Parents’ income, education, race, religion affect whether a teen lights up

Whether your child becomes a smoker may be determined in part by the neighbourhood he or she grows up in, according to a new report by a Montreal-based research centre.

“We wanted to develop a better understanding of how neighbourhoods affect health,” said Christiane Montpetit, who wrote the report for the Centre Léa-Roback, a research institute that focuses on the impact of social inequality on health.

Researchers at the centre analyzed about 20 different smoking related studies produced over the last decade and tried to draw conclusions about environmental factors that encourage or discourage tobacco use among youth.

Overall, adult Quebecers are smoking less, partly because of smoking bans in restaurants, bars and other public places. But 31 per cent of young people (age 20 to 24) in Quebec still smoke, and most start in their teens.

As with adult smoking, socio-economic status plays a role, in that a greater percentage of poor kids smoke. But an even stronger link seems to be the level of education of parents, the report notes. The more educated the parents, the less likely the kids smoke. Attitudes toward school (whether a young person values academic performance, feels a sense of belonging to their school, etc.) have an impact on smoking, and those attitudes are often influenced heavily by parents.

Peer group pressure is also a major factor in whether a teenager will choose to smoke.

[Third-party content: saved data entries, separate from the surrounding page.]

(* Assume the standing assumptions (A1)–(A4). If $\rho> L_0/\beta$, then for all $p\in\mathbb R^{n_p}$ $$\psi(p)\le \frac{L_\psi}{2}\Bigl[d(p)+\frac{\kappa_0}{\sqrt\rho}\Bigr]^2,\qquad \kappa_0:=\frac{2L_0}{\beta}\sqrt{\frac{2}{\mu_0}\psi(p_u)} .$$ In particular $\psi(p^* )\le \dfrac{L_\psi\kappa_0^2}{2\rho}$.
   Context: Let $n_p,n_c\ge 1$, let $f_0:\mathbb R^{n_p}\to\mathbb R$ and $c_i:\mathbb R^{n_p}\to\mathbb R$ ($i=1,\dots,n_c$) be continuously differentiable, and let $\{1,\dots,n_c\}=I_s\cup I_h$ be a partition into disjoint sets of soft and hard constraint indices. The original problem is $\min_{p\in\mathbb R^{n_p}} f_0(p)$ subject to $c_i(p)\le 0$ for all $i$; $f^{opt}$ denotes its optimal value and $p^{opt}$ an optimal solution (assumed to exist). For a fixed $\varepsilon_\psi>0$ let $\psi(p):=\sum_{i\in I_s}[\max\{0,c_i(p)\}]^2+\sum_{i\in I_h}[\max\{0,c_i(p)+\varepsilon_\psi\}]^2$, and for a penalty parameter $\rho>0$ let $f(p):=f_0(p)+\rho\,\psi(p)$. A differentiable function $\ell$ belongs to $\mathcal F^1_L$ if $\ell(p_2)\le \ell(p_1)+\langle \ell'(p_1),p_2-p_1\rangle+\frac L2\|p_2-p_1\|^2$ for all $p_1,p_2$, and is $\mu$-strongly convex if $\ell(p_2)\ge \ell(p_1)+\langle \ell'(p_1),p_2-p_1\rangle+\frac \mu2\|p_2-p_1\|^2$ for all $p_1,p_2$. Standing assumptions: (A1) $f_0(p)\ge 0$ for all $p$; (A2) $f_0\in\mathcal F^1_{L_0}$ and $\psi\in\mathcal F^1_{L_\psi}$ for some reals $L_0,L_\psi\ge 0$; (A3) $f_0$ is $\mu_0$-strongly convex for some $\mu_0>0$, and $\psi$ is convex; (A4) the set $\mathcal A:=\{p:\psi(p)=0\}$ is nonempty and there is $\beta>0$ with $\psi(p)\ge \beta\,[d(p,\mathcal A)]^2$ for all $p$, where $d(p,\mathcal A):=\min_{z\in\mathcal A}\|z-p\|$. Notation: $\|\cdot\|$ is the Euclidean norm; $p^*$ is the unique minimizer of $f$ over $\mathbb R^{n_p}$; $p_u$ is the unique unconstrained minimizer of $f_0$; $p_a$ is a fixed point with $\psi(p_a)=0$; $D_0:=\sup\{\|f_0'(p)\|:\ f_0(p)\le f_0(p_a)\}$; $d(p):=\|p-p^*\|$. *)

From Stdlib Require Fin.
From Stdlib Require Import Reals Lra ClassicalEpsilon.
Open Scope R_scope.
(* Let $r>2$ and $p(z_1,z_2)=1-\frac{z_1+z_2}{r}$. For $(k_1,k_2)\in\mathbb{Z}^2$ let $$c_{k_1,k_2}=\frac{1}{4\pi^2}\int_0^{2\pi}\!\!\int_0^{2\pi}\frac{e^{-i(k_1\theta_1+k_2\theta_2)}}{|p(e^{i\theta_1},e^{i\theta_2})|^2}\,d\theta_1\,d\theta_2$$ be the Fourier coefficients of the spectral density function $1/|p|^2$ on the torus $\mathbb{T}^2$. Then $$c_{k_1,k_2}=\frac{1}{\sqrt{1-\frac{4}{r^2}}}\left(\frac r2-\sqrt{\frac{r^2}{4}-1}\right)^{|k_1|+|k_2|}\quad\text{if } k_1k_2\le 0,$$ and $$c_{k_1,k_2}=\frac{\binom{|k_1|+|k_2|}{|k_1|}}{r^{|k_1|+|k_2|}}\;{}_3F_2\!\left(\begin{matrix}1,\ \frac{|k_1|+|k_2|}{2}+1,\ \frac{|k_1|+|k_2|+1}{2}\\ |k_1|+1,\ |k_2|+1\end{matrix};\frac{4}{r^2}\right)\quad\text{if } k_1k_2>0.$$
   Context: For $|x|<1$, ${}_3F_2\!\left(\begin{matrix}a,b,c\\ d,e\end{matrix};x\right)=\sum_{n=0}^\infty\frac{(a)_n(b)_n(c)_n}{(d)_n(e)_n}\frac{x^n}{n!}$, where $(q)_0=1$ and $(q)_n=q(q+1)\cdots(q+n-1)$ for $n\ge1$ (Pochhammer symbol). $\mathbb{T}=\{w\in\mathbb{C}:|w|=1\}$. *)

From Stdlib Require Import Reals ZArith.
From Coquelicot Require Import Coquelicot.
Open Scope R_scope.

Definition expi (t : R) : C := (cos t, sin t).

Definition p_poly (r : R) (z1 z2 : C) : C :=
  Cminus (RtoC 1) (Cdiv (Cplus z1 z2) (RtoC r)).

Definition spec_density (r t1 t2 : R) : R :=
  / (Cmod (p_poly r (expi t1) (expi t2)) ^ 2).

(* Fourier coefficient c_{k1,k2}, as an iterated Riemann integral
   (the integrand is continuous on [0,2pi]^2 since r > 2). *)
Definition fourier_coef (r : R) (k1 k2 : Z) : C :=
  Cmult (RtoC (/ (4 * PI ^ 2)))
    (RInt (V := C_R_CompleteNormedModule)
      (fun t1 => RInt (V := C_R_CompleteNormedModule)
         (fun t2 => Cmult (expi (- (IZR k1 * t1 + IZR k2 * t2)))
                          (RtoC (spec_density r t1 t2)))
         0 (2 * PI))
      0 (2 * PI)).

Fixpoint poch (q : R) (n : nat) : R :=
  match n with
  | O => 1
  | S m => poch q m * (q + INR m)
  end.

Definition hyp3F2 (a b c d e x : R) : R :=
  Series (fun n => poch a n * poch b n * poch c n / (poch d n * poch e n)
                   * x ^ n / INR (fact n)).

From Stdlib Require Import Reals ZArith Lra Lia.
From Coquelicot Require Import Coquelicot.
Open Scope R_scope.

(* With u = (z1 + z2) / r we have |u| <= 2/r < 1 on the torus, so 1/|p|^2 = |sum_m u^m|^2 is
   the uniform limit of |sum_(m<N) u^m|^2.  The Fourier coefficient of
   (z1 + z2)^m conj(z1 + z2)^n at (k1, k2) is C(m+n, n+k1) if m - n = k1 + k2 and 0 otherwise,
   hence c_(k1,k2) = sum_s C(2s+D, s+j) / r^(2s+D) with D = |k1 + k2| and j = +-k1.
   If k1 k2 > 0 this is, term by term, the 3F2 series.  If k1 k2 <= 0 it equals
   h_K = sum_s C(2s+K, s) / r^(2s+K) with K = |k1| + |k2|.  Pascal's rule gives
   r h_(K+1) = h_K + h_(K+2) and h_0 = 1 + (2/r) h_1; as h decays geometrically, this forces
   h_(K+1) = rho h_K for the small root rho = r/2 - sqrt(r^2/4 - 1) of rho^2 - r rho + 1, and
   then h_K = rho^K / sqrt(1 - 4/r^2). *)

(** * Integrals over a period and over the torus *)

Notation CV := C_R_CompleteNormedModule.

Lemma expi_add a b : (expi a * expi b)%C = expi (a + b).
Proof. unfold expi, Cmult; simpl. rewrite cos_plus, sin_plus. f_equal; ring. Qed.

Lemma Cmod_expi t : Cmod (expi t) = 1.
Proof.
  unfold Cmod, expi; simpl. rewrite !Rmult_1_r, <- sqrt_1. f_equal.
  pose proof (sin2_cos2 t) as H. unfold Rsqr in H. lra.
Qed.

Lemma Cconj_expi t : Cconj (expi t) = expi (- t).
Proof. unfold Cconj, expi; simpl. rewrite cos_neg, sin_neg. reflexivity. Qed.

Lemma sin_period_IZR x (j : Z) : sin (x + 2 * IZR j * PI) = sin x.
Proof.
  destruct (Z_le_gt_dec 0 j) as [Hj|Hj].
  - rewrite <- (Z2Nat.id j Hj), <- INR_IZR_INZ. apply sin_period.
  - rewrite <- (sin_period _ (Z.to_nat (- j))). f_equal.
    rewrite INR_IZR_INZ, Z2Nat.id, opp_IZR by lia. ring.
Qed.

Lemma is_RInt_cos_period (j : Z) (c : R) : j <> 0%Z ->
  is_RInt (fun t => cos (IZR j * t + c)) 0 (2 * PI) 0.
Proof.
  intros Hj. apply not_0_IZR in Hj.
  set (F := fun t => sin (IZR j * t + c) / IZR j).
  assert (HF : minus (F (2 * PI)) (F 0) = 0).
  { unfold F, minus, plus, opp; simpl.
    replace (IZR j * (2 * PI) + c) with (c + 2 * IZR j * PI) by ring.
    rewrite Rmult_0_r, Rplus_0_l, sin_period_IZR. field. exact Hj. }
  enough (H : is_RInt (fun t => cos (IZR j * t + c)) 0 (2 * PI) (minus (F (2 * PI)) (F 0)))
    by (rewrite HF in H; exact H).
  apply (is_RInt_derive (V := R_CompleteNormedModule)).
  - intros t _. unfold F. auto_derive; auto. field. exact Hj.
  - intros t _. apply continuous_cos_comp.
    apply (ex_derive_continuous (fun t => IZR j * t + c)). auto_derive. auto.
Qed.

Lemma is_RInt_sin_period (j : Z) (c : R) : j <> 0%Z ->
  is_RInt (fun t => sin (IZR j * t + c)) 0 (2 * PI) 0.
Proof.
  intros Hj. apply (is_RInt_ext (fun t => cos (IZR j * t + (c - PI / 2)))).
  - intros t _. rewrite <- cos_shift, <- cos_neg. f_equal. ring.
  - exact (is_RInt_cos_period j _ Hj).
Qed.

Lemma is_RInt_C (f : R -> C) a b (l : C) :
  is_RInt (fun t => fst (f t)) a b (fst l) -> is_RInt (fun t => snd (f t)) a b (snd l) ->
  is_RInt (V := CV) f a b l.
Proof. destruct l as [x y]. exact (is_RInt_fct_extend_pair f a b x y). Qed.

Lemma is_RInt_expi_period (j : Z) (c : R) : j <> 0%Z ->
  is_RInt (V := CV) (fun t => expi (IZR j * t + c)) 0 (2 * PI) (RtoC 0).
Proof.
  intros Hj. apply is_RInt_C; simpl.
  - exact (is_RInt_cos_period j c Hj).
  - exact (is_RInt_sin_period j c Hj).
Qed.

Lemma is_RInt_C_const (c : C) : is_RInt (V := CV) (fun _ => c) 0 (2 * PI) (2 * PI * c)%C.
Proof.
  replace (2 * PI * c)%C with (scal (2 * PI - 0) c).
  - apply (is_RInt_const (V := CV)).
  - rewrite scal_R_Cmult, Rminus_0_r, RtoC_mult. reflexivity.
Qed.

Lemma is_RInt_Cmult_l (f : R -> C) a b (c l : C) :
  is_RInt (V := CV) f a b l -> is_RInt (V := CV) (fun t => c * f t)%C a b (c * l)%C.
Proof.
  intros H. destruct c as [c1 c2].
  pose proof (is_RInt_fct_extend_fst f a b l H) as H1.
  pose proof (is_RInt_fct_extend_snd f a b l H) as H2.
  apply is_RInt_C; simpl.
  - eapply is_RInt_ext; [| exact (is_RInt_minus _ _ a b _ _ (is_RInt_scal _ a b c1 _ H1)
                                                 (is_RInt_scal _ a b c2 _ H2))].
    intros t _. reflexivity.
  - eapply is_RInt_ext; [| exact (is_RInt_plus _ _ a b _ _ (is_RInt_scal _ a b c1 _ H2)
                                                (is_RInt_scal _ a b c2 _ H1))].
    intros t _. reflexivity.
Qed.

Definition is_RInt_torus (f : R -> R -> C) (I : C) :=
  exists F : R -> C, (forall t1, is_RInt (V := CV) (f t1) 0 (2 * PI) (F t1)) /\
                     is_RInt (V := CV) F 0 (2 * PI) I.

Lemma is_RInt_torus_ext f g I :
  (forall t1 t2, f t1 t2 = g t1 t2) -> is_RInt_torus f I -> is_RInt_torus g I.
Proof.
  intros E [F [HF HI]]. exists F. split; [|exact HI].
  intros t1. eapply is_RInt_ext; [|apply HF]. intros t2 _. apply E.
Qed.

Lemma is_RInt_torus_plus f g I J :
  is_RInt_torus f I -> is_RInt_torus g J ->
  is_RInt_torus (fun t1 t2 => f t1 t2 + g t1 t2)%C (I + J)%C.
Proof.
  intros [F [HF HI]] [G [HG HJ]]. exists (fun t1 => F t1 + G t1)%C. split.
  - intros t1. exact (is_RInt_plus _ _ _ _ _ _ (HF t1) (HG t1)).
  - exact (is_RInt_plus _ _ _ _ _ _ HI HJ).
Qed.

Lemma is_RInt_torus_Cmult_l f I c :
  is_RInt_torus f I -> is_RInt_torus (fun t1 t2 => c * f t1 t2)%C (c * I)%C.
Proof.
  intros [F [HF HI]]. exists (fun t1 => c * F t1)%C. split.
  - intros t1. exact (is_RInt_Cmult_l _ _ _ c _ (HF t1)).
  - exact (is_RInt_Cmult_l _ _ _ c _ HI).
Qed.

Lemma is_RInt_torus_expi (k1 k2 : Z) :
  is_RInt_torus (fun t1 t2 => expi (- (IZR k1 * t1 + IZR k2 * t2)))
    (RtoC (4 * PI ^ 2 * (if (Z.eqb k1 0 && Z.eqb k2 0)%bool then 1 else 0))).
Proof.
  destruct (Z.eq_dec k2 0) as [->|Hk2]; [destruct (Z.eq_dec k1 0) as [->|Hk1]|].
  - exists (fun _ => 2 * PI * RtoC 1)%C. split.
    + intros t1. eapply is_RInt_ext; [|apply is_RInt_C_const].
      intros t2 _. unfold expi. rewrite !Rmult_0_l, Rplus_0_l, Ropp_0, cos_0, sin_0.
      reflexivity.
    + replace (RtoC (4 * PI ^ 2 * _)) with (2 * PI * (2 * PI * RtoC 1))%C.
      * apply is_RInt_C_const.
      * unfold Cmult, RtoC; simpl. f_equal; ring.
  - exists (fun t1 => 2 * PI * expi (IZR (- k1) * t1 + 0))%C. split.
    + intros t1. eapply is_RInt_ext; [|apply is_RInt_C_const].
      intros t2 _. rewrite opp_IZR. f_equal. ring.
    + replace (RtoC (4 * PI ^ 2 * _)) with (2 * PI * RtoC 0)%C.
      * apply is_RInt_Cmult_l, is_RInt_expi_period. lia.
      * apply Z.eqb_neq in Hk1. rewrite Hk1. unfold Cmult, RtoC; simpl. f_equal; ring.
  - exists (fun _ => RtoC 0). split.
    + intros t1. eapply is_RInt_ext; [|apply (is_RInt_expi_period (- k2) (- (IZR k1 * t1)))].
      * intros t2 _. rewrite opp_IZR. f_equal. ring.
      * lia.
    + replace (RtoC (4 * PI ^ 2 * _)) with (2 * PI * RtoC 0)%C.
      * apply is_RInt_C_const.
      * apply Z.eqb_neq in Hk2. rewrite Hk2, Bool.andb_false_r.
        unfold Cmult, RtoC; simpl. f_equal; ring.
Qed.

(** * Fourier coefficients of trigonometric monomials *)

Fixpoint binz (M : nat) (K : Z) : R :=
  match M with
  | O => if Z.eqb K 0 then 1 else 0
  | S M' => binz M' K + binz M' (K - 1)
  end.

Lemma binz_neg M K : (K < 0)%Z -> binz M K = 0.
Proof.
  revert K; induction M as [|M IH]; intros K HK; simpl.
  - destruct (Z.eqb_spec K 0); [lia | reflexivity].
  - rewrite !IH by lia. ring.
Qed.

Lemma binz_gt M K : (Z.of_nat M < K)%Z -> binz M K = 0.
Proof.
  revert K; induction M as [|M IH]; intros K HK; simpl.
  - destruct (Z.eqb_spec K 0); [lia | reflexivity].
  - rewrite !IH by lia. ring.
Qed.

Lemma binz_bounds M K : 0 <= binz M K <= 2 ^ M.
Proof.
  revert K; induction M as [|M IH]; intros K; simpl.
  - destruct (Z.eqb K 0); lra.
  - pose proof (IH K). pose proof (IH (K - 1)%Z). lra.
Qed.

Lemma binz_sym M K : binz M K = binz M (Z.of_nat M - K).
Proof.
  revert K; induction M as [|M IH]; intros K; cbn [binz].
  - destruct (Z.eqb_spec K 0), (Z.eqb_spec (Z.of_nat 0 - K) 0); lia || reflexivity.
  - rewrite (IH K), (IH (K - 1)%Z), Rplus_comm. f_equal; f_equal; lia.
Qed.

Lemma binz_binomial M k : (k <= M)%nat -> binz M (Z.of_nat k) = Binomial.C M k.
Proof.
  revert k; induction M as [|M IH]; intros k Hk.
  - replace k with 0%nat by lia. rewrite C_n_0. reflexivity.
  - simpl binz. destruct k as [|k].
    + rewrite (binz_neg M (Z.of_nat 0 - 1)), IH, !C_n_0 by lia. ring.
    + replace (Z.of_nat (S k) - 1)%Z with (Z.of_nat k) by lia.
      rewrite (IH k) by lia.
      destruct (Nat.eq_dec k M) as [->|Hne].
      * rewrite binz_gt, !C_n_n by lia. ring.
      * rewrite (IH (S k)), <- pascal by lia. ring.
Qed.

Definition trig_mono (m n : nat) (k1 k2 : Z) (t1 t2 : R) : C :=
  (expi (- (IZR k1 * t1 + IZR k2 * t2)) * Cpow (expi t1 + expi t2) m
     * Cpow (expi (- t1) + expi (- t2)) n)%C.

Definition trig_coef (m n : nat) (k1 k2 : Z) : R :=
  if Z.eqb (Z.of_nat m - Z.of_nat n) (k1 + k2) then binz (m + n) (Z.of_nat n + k1) else 0.
Lemma rhsVaR_attained xs : rhsVaR P Y X (Lbar L) = xs%:E ->
  Lbar L x @[x --> xs^'+] --> Lbar L xs ->
  (\int[P]_(w in [set w | (xs < X w)%R]) (Y w)%:E <= (Lbar L xs)%:E)%E.
Proof.
move=> rhs_xs Lbar_rc.
have tail_le s : xs < s -> (nu [set w | (s < X w)%R] <= (Lbar L s)%:E)%E.
  move=> xs_s.
  have : (rhsVaR P Y X (Lbar L) < s%:E)%E by rewrite rhs_xs lte_fin.
  move=> /ereal_inf_lt [_ [s0 tail_s0 <-]]; rewrite lte_fin => s0_s.
  apply: le_trans (le_trans tail_s0 _).
    apply: le_measure; rewrite ?inE; try exact: measurable_superlevel _ mX.
    by move=> w /= /(lt_trans s0_s).
  by rewrite lee_fin Lbar_nondecreasing// ltW.
apply/lee_addgt0Pr => e e_gt0.
have [dl dl_gt0 Lbar_near] : exists2 dl, 0 < dl &
    forall s, xs < s < xs + dl -> Lbar L s <= Lbar L xs + e.
  move: Lbar_rc => /cvgrPdist_lt /(_ e e_gt0).
  rewrite near_withinE /= => /nbhs_ballP [dl /= dl_gt0 near_xs].
  exists dl => // s /andP[xs_s s_lt].
  have : `|Lbar L xs - Lbar L s| < e.
    apply: near_xs => //; rewrite /ball /= ltr_distlC s_lt andbT ltrBlDr.
    by apply: lt_trans xs_s _; rewrite ltrDl.
  by rewrite ltr_distlC => /andP[_ /ltW].
(* the thresholds xs + dl / (k + 2) lie in ]xs, xs + dl[ and decrease to xs *)
pose F k := [set w | xs + dl / k.+2%:R < X w].
have F_cover : \bigcup_k F k = [set w | xs < X w].
  apply/seteqP; split => w /=.
    by move=> [k _ Fw]; apply: le_lt_trans Fw; rewrite lerDl divr_ge0// ltW.
  move=> xs_w; exists (truncn (dl / (X w - xs))) => //; rewrite /F /=.
  suff : dl / (truncn (dl / (X w - xs))).+2%:R < X w - xs by rewrite ltrBrDl.
  rewrite ltr_pdivrMr// mulrC -ltr_pdivrMr ?subr_gt0//.
  by apply: lt_trans (truncnS_gt _) _; rewrite ltr_nat.
change (nu [set w | (xs < X w)%R] <= (Lbar L xs + e)%:E)%E.
rewrite -F_cover; apply: nondecreasing_bigcup_le => [k|i j ij|k].
- exact: measurable_superlevel.
- rewrite subsetEset => w; rewrite /F /=; apply: le_lt_trans.
  by rewrite lerD2l ler_pM2l// lef_pV2 ?posrE// ler_nat.
- have s_gt : xs < xs + dl / k.+2%:R by rewrite ltrDl divr_gt0.
  apply: le_trans (tail_le _ s_gt) _; rewrite lee_fin; apply: Lbar_near.
  by rewrite s_gt ltrD2l ltr_pdivrMr// ltr_pMr// ltr1n.
Qed.

End allocation.
End weighted_tail.

Unset Implicit Arguments.

Theorem mainTheorem16 (d : measure_display) (T : measurableType d)
  (R : realType) (P : probability T R) (n : nat) (L : 'I_n -> R -> R)
  (Y : T -> R) (Xs : set (T -> R)) :
  (0 < n)%N ->
  (forall i, HI (L i)) ->
  atomless P ->
  measurable_fun setT Y -> (forall w, 0 <= Y w) ->
  (1 < \int[P]_w (Y w)%:E < +oo)%E ->
  admissible_class Xs ->
  attainable L ->
  forall X : T -> R, Xs X ->
    infconv Xs (fun i => rhoY (L i) P Y) X = rhsVaR P Y X (Lbar L) /\
    forall xs : R, rhsVaR P Y X (Lbar L) = xs%:E ->
      Lbar L x @[x --> xs^'+] --> Lbar L xs ->
      let conds (ys : 'I_n -> R) (A : 'I_n -> set T) :=
        [/\ \sum_(i < n) ys i = xs,
            \sum_(i < n) L i (ys i) = Lbar L xs,
            partition_n A &
            forall i, (\int[P]_(w in [set w | (xs < X w)%R] `&` A i) (Y w)%:E
                         <= (L i (ys i))%:E)%E] in
      (exists ys A, conds ys A) /\
      forall ys A, conds ys A ->
        optimal_allocation Xs (fun i => rhoY (L i) P Y) X
          (fun i w => (X w - xs) * \1_(A i) w + ys i).
Proof.
move=> n_gt0 HL P_atomless mY Y_ge0 /andP[EY_gt1 EY_fin] Xs_adm L_att X XsX.
case: n n_gt0 L HL L_att => // n _ L HL L_att.
have infconvE :=
  infconv_rhoY mY Y_ge0 EY_fin EY_gt1 P_atomless HL L_att Xs_adm XsX.
split => // xs rhs_xs Lbar_rc conds; split.
  have tail_xs := rhsVaR_attained mY Y_ge0 HL L_att Xs_adm XsX rhs_xs Lbar_rc.
  have := exists_tail_partition mY Y_ge0 EY_fin P_atomless HL L_att Xs_adm XsX.
  by move=> /(_ _ tail_xs) [ys [A ?]]; exists ys, A.
move=> ys A [ys_sum _ A_part A_le].
have alloc := allocation_shift Xs_adm XsX ys_sum A_part.
have shift_le := sum_rhoY_shift_le mY Y_ge0 Xs_adm XsX ys_sum A_part A_le.
split => //; apply/le_anti/andP; split; first by rewrite infconvE rhs_xs.
by apply: ereal_inf_lbound; exists (fun i w => (X w - xs) * \1_(A i) w + ys i).
Qed.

The weight of this influence varies according to gender (girls are more easily influenced), ethnic group, and intensity of parental guidance.

Several U.S. studies show that smoking rates are higher among white teenagers than African-American teens, or those of South American or Asian origin. While it is difficult to isolate ethnicity from other factors, some studies have shown that parents in certain ethnic groups send more vigorous anti-smoking messages than others.

Ethnic concentration in a neighbourhood can have a positive effect on youth smoking rates, the report says. “Adolescents who reside in a neighbourhood where a strong proportion of residents are African-American are less at risk to start smoking than those who live in neighbourhoods where there are few black people,” the report says.

Montpetit said these findings related to ethnicity don’t necessarily apply in Montreal, but studies here have shown smoking rates are higher among francophones than anglophones or allophones.

The researchers also found that in neighbourhoods where violence is common and a feeling of insecurity dominates, the likelihood that kids will start smoking at a very young age is high.

Neighbourhoods where young people have opportunities to get involved in community events tend to have lower youth smoking rates.

And young people who regularly attend religious services are far less likely to smoke than their peers who do not, the report says.

Montpetit acknowledged the report raises more questions than it answers, but it shows that strategies that target only the individual might not be an effective way to reduce smoking among teens.

“We all know that in certain neighbourhoods, often wealthier ones, it is considered shameful to be seen smoking. People actually hide when they smoke. …Whereas if you live in a place where everyone smokes, it becomes a social activity,” she said.